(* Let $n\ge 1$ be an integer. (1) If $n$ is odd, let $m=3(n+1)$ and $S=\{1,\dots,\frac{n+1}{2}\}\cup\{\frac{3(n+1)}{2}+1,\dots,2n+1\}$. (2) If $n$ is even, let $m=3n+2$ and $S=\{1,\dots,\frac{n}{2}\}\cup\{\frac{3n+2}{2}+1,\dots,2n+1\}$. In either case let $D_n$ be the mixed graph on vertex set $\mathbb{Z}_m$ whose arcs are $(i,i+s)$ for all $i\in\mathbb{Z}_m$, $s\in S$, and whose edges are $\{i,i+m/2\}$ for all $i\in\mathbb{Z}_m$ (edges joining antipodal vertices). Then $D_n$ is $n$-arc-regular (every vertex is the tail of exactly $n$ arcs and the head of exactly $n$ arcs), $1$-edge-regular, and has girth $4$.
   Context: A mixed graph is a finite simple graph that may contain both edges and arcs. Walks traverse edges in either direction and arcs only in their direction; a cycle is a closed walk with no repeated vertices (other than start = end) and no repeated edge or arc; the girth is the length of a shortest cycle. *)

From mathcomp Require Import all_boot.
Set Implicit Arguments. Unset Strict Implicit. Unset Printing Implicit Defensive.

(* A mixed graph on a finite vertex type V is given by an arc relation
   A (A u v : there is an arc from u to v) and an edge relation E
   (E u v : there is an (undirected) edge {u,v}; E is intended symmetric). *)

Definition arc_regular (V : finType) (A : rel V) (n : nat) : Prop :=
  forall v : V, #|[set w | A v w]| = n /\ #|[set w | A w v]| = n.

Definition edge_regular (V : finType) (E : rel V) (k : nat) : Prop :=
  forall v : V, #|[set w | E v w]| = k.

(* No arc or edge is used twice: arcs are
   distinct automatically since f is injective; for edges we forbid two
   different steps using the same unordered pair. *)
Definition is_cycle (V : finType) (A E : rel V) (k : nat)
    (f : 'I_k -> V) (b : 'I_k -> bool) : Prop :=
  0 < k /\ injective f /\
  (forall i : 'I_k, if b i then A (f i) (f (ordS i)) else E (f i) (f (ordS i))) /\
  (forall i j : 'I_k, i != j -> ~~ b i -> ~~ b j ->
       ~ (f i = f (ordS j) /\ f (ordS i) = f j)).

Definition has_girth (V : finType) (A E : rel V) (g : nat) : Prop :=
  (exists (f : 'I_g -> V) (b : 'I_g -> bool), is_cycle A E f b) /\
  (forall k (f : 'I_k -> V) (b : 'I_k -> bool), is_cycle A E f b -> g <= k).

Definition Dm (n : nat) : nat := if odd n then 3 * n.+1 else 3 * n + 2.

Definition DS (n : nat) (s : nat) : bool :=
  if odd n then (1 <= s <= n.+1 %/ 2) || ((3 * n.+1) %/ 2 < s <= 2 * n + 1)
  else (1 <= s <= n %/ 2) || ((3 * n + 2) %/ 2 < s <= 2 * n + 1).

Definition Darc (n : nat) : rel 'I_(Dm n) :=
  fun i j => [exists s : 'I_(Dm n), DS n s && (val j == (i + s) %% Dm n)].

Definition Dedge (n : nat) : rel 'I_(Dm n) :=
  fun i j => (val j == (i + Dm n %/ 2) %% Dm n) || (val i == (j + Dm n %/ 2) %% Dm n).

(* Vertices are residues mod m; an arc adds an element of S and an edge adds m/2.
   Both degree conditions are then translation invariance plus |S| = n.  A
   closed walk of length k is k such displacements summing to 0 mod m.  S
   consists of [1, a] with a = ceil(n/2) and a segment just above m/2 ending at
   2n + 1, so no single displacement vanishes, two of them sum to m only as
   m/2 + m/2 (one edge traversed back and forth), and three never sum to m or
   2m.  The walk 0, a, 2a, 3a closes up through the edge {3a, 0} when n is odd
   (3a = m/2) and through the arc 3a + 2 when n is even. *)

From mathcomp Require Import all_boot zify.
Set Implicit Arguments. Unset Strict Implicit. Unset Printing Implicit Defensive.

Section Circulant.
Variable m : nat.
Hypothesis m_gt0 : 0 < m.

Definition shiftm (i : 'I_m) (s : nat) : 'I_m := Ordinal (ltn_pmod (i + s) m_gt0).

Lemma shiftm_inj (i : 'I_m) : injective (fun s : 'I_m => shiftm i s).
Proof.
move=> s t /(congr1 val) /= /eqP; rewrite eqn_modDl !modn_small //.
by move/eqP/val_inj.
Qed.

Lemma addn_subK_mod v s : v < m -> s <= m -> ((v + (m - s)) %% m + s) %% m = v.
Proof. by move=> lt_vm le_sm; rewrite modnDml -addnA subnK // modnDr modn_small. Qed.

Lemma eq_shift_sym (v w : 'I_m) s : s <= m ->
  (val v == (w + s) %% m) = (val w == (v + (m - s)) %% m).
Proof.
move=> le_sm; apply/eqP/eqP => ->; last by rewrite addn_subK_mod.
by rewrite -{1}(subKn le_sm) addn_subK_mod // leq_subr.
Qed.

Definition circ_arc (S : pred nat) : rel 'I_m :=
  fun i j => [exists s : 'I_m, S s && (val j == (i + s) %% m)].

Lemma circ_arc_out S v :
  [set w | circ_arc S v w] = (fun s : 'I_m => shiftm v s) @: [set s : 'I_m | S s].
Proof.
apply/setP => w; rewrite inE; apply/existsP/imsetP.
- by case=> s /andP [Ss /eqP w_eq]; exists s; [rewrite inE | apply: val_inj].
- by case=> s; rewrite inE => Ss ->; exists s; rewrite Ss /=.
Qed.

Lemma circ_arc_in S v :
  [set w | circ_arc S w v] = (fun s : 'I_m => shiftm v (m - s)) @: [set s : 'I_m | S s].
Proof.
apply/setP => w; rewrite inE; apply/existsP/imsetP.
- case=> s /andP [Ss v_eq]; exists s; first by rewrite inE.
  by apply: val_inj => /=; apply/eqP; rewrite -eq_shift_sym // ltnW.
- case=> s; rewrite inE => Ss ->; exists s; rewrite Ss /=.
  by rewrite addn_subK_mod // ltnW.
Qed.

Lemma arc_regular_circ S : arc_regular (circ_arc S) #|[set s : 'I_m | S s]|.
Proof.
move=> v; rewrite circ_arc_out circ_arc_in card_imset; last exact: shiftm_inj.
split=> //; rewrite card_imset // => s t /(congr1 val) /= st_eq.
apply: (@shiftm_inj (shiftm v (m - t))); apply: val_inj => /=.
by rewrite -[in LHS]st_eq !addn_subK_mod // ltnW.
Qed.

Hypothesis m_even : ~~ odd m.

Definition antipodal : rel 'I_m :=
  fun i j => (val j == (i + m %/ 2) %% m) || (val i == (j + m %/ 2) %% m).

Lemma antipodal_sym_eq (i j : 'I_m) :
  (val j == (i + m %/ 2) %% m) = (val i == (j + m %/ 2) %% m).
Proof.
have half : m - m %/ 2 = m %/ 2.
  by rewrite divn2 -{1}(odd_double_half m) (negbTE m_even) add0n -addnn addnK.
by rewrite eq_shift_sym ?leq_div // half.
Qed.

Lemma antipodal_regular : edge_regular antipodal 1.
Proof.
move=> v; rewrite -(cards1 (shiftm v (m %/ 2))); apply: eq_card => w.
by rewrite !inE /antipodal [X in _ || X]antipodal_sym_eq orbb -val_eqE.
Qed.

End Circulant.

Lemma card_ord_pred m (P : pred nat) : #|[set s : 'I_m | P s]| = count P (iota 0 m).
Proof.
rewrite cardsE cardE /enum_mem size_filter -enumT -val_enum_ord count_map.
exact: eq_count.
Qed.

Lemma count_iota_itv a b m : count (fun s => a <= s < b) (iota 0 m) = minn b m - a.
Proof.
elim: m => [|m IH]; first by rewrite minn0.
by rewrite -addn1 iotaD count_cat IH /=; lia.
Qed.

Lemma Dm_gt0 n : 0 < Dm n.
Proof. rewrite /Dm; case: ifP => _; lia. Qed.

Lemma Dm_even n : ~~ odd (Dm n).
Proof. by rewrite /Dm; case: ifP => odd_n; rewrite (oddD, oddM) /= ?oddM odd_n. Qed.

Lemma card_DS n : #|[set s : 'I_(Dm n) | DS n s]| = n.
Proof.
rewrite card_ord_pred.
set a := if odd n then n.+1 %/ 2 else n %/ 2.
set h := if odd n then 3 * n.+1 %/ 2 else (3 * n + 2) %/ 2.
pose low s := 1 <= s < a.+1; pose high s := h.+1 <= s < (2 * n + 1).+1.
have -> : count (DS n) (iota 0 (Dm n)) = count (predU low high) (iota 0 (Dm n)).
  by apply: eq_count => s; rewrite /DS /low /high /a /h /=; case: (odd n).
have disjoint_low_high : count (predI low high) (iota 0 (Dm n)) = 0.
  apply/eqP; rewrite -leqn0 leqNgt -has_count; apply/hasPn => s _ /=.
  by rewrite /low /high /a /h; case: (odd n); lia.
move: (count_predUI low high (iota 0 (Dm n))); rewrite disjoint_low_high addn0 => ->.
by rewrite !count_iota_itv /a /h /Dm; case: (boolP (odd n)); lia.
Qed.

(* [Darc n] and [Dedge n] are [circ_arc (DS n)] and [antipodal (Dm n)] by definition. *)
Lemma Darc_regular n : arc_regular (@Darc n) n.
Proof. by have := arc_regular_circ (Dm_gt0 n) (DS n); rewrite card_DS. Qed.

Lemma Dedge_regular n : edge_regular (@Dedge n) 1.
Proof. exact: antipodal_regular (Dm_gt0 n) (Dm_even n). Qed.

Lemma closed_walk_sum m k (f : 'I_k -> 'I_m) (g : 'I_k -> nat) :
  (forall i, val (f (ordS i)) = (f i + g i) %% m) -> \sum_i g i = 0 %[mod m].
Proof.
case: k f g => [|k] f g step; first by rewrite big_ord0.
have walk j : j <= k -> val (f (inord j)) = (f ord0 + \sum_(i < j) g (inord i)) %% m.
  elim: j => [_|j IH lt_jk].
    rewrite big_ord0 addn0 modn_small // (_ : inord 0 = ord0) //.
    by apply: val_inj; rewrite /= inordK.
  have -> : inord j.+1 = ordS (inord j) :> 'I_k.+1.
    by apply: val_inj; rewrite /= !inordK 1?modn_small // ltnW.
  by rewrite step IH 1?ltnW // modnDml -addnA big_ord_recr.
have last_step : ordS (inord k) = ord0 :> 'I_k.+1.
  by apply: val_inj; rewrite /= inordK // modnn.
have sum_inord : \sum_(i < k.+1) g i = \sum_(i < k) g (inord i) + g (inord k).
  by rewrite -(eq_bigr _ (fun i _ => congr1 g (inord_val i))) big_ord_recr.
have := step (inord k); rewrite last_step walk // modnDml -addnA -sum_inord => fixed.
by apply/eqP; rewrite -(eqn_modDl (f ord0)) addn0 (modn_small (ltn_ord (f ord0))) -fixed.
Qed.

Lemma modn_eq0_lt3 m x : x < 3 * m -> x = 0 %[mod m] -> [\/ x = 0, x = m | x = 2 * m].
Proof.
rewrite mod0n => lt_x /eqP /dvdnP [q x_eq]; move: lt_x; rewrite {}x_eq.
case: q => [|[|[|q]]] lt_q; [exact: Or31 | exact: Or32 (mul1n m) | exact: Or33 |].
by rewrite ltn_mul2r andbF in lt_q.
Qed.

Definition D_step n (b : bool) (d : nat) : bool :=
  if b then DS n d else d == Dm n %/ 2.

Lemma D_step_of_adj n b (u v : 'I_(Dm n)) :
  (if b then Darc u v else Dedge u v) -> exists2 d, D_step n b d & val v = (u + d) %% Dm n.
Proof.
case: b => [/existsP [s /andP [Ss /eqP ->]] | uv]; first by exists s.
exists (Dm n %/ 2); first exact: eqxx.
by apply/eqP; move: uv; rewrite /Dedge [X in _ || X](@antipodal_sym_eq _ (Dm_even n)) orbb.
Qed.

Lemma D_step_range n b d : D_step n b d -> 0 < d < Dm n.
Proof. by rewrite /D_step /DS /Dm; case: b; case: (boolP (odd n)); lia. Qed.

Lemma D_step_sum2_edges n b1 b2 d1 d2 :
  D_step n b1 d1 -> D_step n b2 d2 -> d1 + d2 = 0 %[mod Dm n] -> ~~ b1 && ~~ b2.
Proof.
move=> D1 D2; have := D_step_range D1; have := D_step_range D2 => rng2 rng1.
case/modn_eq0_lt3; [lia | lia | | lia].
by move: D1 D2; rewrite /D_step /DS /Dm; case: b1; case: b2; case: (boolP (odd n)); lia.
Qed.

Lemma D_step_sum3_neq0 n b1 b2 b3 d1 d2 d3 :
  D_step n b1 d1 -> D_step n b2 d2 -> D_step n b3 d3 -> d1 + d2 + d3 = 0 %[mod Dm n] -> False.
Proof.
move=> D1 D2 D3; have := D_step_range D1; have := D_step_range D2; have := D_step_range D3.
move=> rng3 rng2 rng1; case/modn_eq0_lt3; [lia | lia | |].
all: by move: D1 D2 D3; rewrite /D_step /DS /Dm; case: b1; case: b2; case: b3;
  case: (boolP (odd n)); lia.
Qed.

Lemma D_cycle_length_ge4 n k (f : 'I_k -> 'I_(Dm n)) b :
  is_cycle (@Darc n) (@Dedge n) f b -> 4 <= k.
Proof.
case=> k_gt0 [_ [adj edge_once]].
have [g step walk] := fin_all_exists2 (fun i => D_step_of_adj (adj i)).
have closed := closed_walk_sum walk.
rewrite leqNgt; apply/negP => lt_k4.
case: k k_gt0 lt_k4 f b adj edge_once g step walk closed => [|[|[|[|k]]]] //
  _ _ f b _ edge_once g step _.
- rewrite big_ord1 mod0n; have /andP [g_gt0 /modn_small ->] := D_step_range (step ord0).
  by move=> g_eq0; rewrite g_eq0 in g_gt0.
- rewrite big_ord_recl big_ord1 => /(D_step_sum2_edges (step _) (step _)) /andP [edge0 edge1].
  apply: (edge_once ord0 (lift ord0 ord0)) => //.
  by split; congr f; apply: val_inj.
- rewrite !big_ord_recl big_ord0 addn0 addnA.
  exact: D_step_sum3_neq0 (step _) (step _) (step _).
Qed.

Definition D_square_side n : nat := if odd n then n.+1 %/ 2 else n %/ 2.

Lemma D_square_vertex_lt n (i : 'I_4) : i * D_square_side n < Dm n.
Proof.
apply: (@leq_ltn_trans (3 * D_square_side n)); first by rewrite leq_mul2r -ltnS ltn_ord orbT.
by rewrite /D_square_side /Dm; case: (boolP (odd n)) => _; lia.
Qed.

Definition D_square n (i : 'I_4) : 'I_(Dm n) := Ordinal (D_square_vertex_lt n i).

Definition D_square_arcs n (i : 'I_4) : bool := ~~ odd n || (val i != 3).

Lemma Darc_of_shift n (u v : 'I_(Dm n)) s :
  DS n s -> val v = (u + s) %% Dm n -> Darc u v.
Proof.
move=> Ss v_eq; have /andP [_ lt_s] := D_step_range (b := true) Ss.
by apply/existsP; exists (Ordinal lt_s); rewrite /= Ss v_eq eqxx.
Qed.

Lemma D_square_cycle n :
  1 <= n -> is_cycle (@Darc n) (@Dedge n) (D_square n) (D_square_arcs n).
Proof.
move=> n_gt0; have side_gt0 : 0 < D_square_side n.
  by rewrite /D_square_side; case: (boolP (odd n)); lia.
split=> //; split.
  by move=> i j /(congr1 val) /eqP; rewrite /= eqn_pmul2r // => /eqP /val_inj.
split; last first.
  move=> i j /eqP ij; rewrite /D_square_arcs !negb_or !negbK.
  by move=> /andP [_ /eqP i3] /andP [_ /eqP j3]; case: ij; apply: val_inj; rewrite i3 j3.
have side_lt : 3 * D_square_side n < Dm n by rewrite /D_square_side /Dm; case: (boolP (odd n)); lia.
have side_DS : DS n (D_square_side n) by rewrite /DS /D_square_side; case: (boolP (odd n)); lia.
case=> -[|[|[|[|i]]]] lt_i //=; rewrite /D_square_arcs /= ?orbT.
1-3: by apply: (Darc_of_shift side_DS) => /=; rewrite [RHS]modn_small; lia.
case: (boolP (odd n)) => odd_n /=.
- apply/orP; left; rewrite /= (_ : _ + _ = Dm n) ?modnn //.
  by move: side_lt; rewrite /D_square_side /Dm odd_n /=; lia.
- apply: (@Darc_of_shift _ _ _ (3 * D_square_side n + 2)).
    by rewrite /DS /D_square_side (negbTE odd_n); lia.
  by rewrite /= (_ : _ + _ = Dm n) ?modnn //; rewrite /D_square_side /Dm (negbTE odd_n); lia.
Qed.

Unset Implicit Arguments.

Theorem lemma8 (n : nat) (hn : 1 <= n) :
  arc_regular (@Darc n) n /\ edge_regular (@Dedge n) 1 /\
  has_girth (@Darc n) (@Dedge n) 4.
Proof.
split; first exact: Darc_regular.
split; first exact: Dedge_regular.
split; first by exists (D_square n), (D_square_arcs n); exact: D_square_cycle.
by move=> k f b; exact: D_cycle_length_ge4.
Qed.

--*--

▸ **WORK ORDER**:
Everything above from the line containing "(E u v : there" down to the line containing "(* Vertices are" is to be transcribed exactly, with both of those lines included and nothing else added.

▸ **ANSWER BELOW**:
   (E u v : there is an (undirected) edge {u,v}; E is intended symmetric). *)

Definition arc_regular (V : finType) (A : rel V) (n : nat) : Prop :=
  forall v : V, #|[set w | A v w]| = n /\ #|[set w | A w v]| = n.

Definition edge_regular (V : finType) (E : rel V) (k : nat) : Prop :=
  forall v : V, #|[set w | E v w]| = k.

(* No arc or edge is used twice: arcs are
   distinct automatically since f is injective; for edges we forbid two
   different steps using the same unordered pair. *)
Definition is_cycle (V : finType) (A E : rel V) (k : nat)
    (f : 'I_k -> V) (b : 'I_k -> bool) : Prop :=
  0 < k /\ injective f /\
  (forall i : 'I_k, if b i then A (f i) (f (ordS i)) else E (f i) (f (ordS i))) /\
  (forall i j : 'I_k, i != j -> ~~ b i -> ~~ b j ->
       ~ (f i = f (ordS j) /\ f (ordS i) = f j)).

Definition has_girth (V : finType) (A E : rel V) (g : nat) : Prop :=
  (exists (f : 'I_g -> V) (b : 'I_g -> bool), is_cycle A E f b) /\
  (forall k (f : 'I_k -> V) (b : 'I_k -> bool), is_cycle A E f b -> g <= k).

Definition Dm (n : nat) : nat := if odd n then 3 * n.+1 else 3 * n + 2.

Definition DS (n : nat) (s : nat) : bool :=
  if odd n then (1 <= s <= n.+1 %/ 2) || ((3 * n.+1) %/ 2 < s <= 2 * n + 1)
  else (1 <= s <= n %/ 2) || ((3 * n + 2) %/ 2 < s <= 2 * n + 1).

Definition Darc (n : nat) : rel 'I_(Dm n) :=
  fun i j => [exists s : 'I_(Dm n), DS n s && (val j == (i + s) %% Dm n)].

Definition Dedge (n : nat) : rel 'I_(Dm n) :=
  fun i j => (val j == (i + Dm n %/ 2) %% Dm n) || (val i == (j + Dm n %/ 2) %% Dm n).

(* Vertices are residues mod m; an arc adds an element of S and an edge adds m/2.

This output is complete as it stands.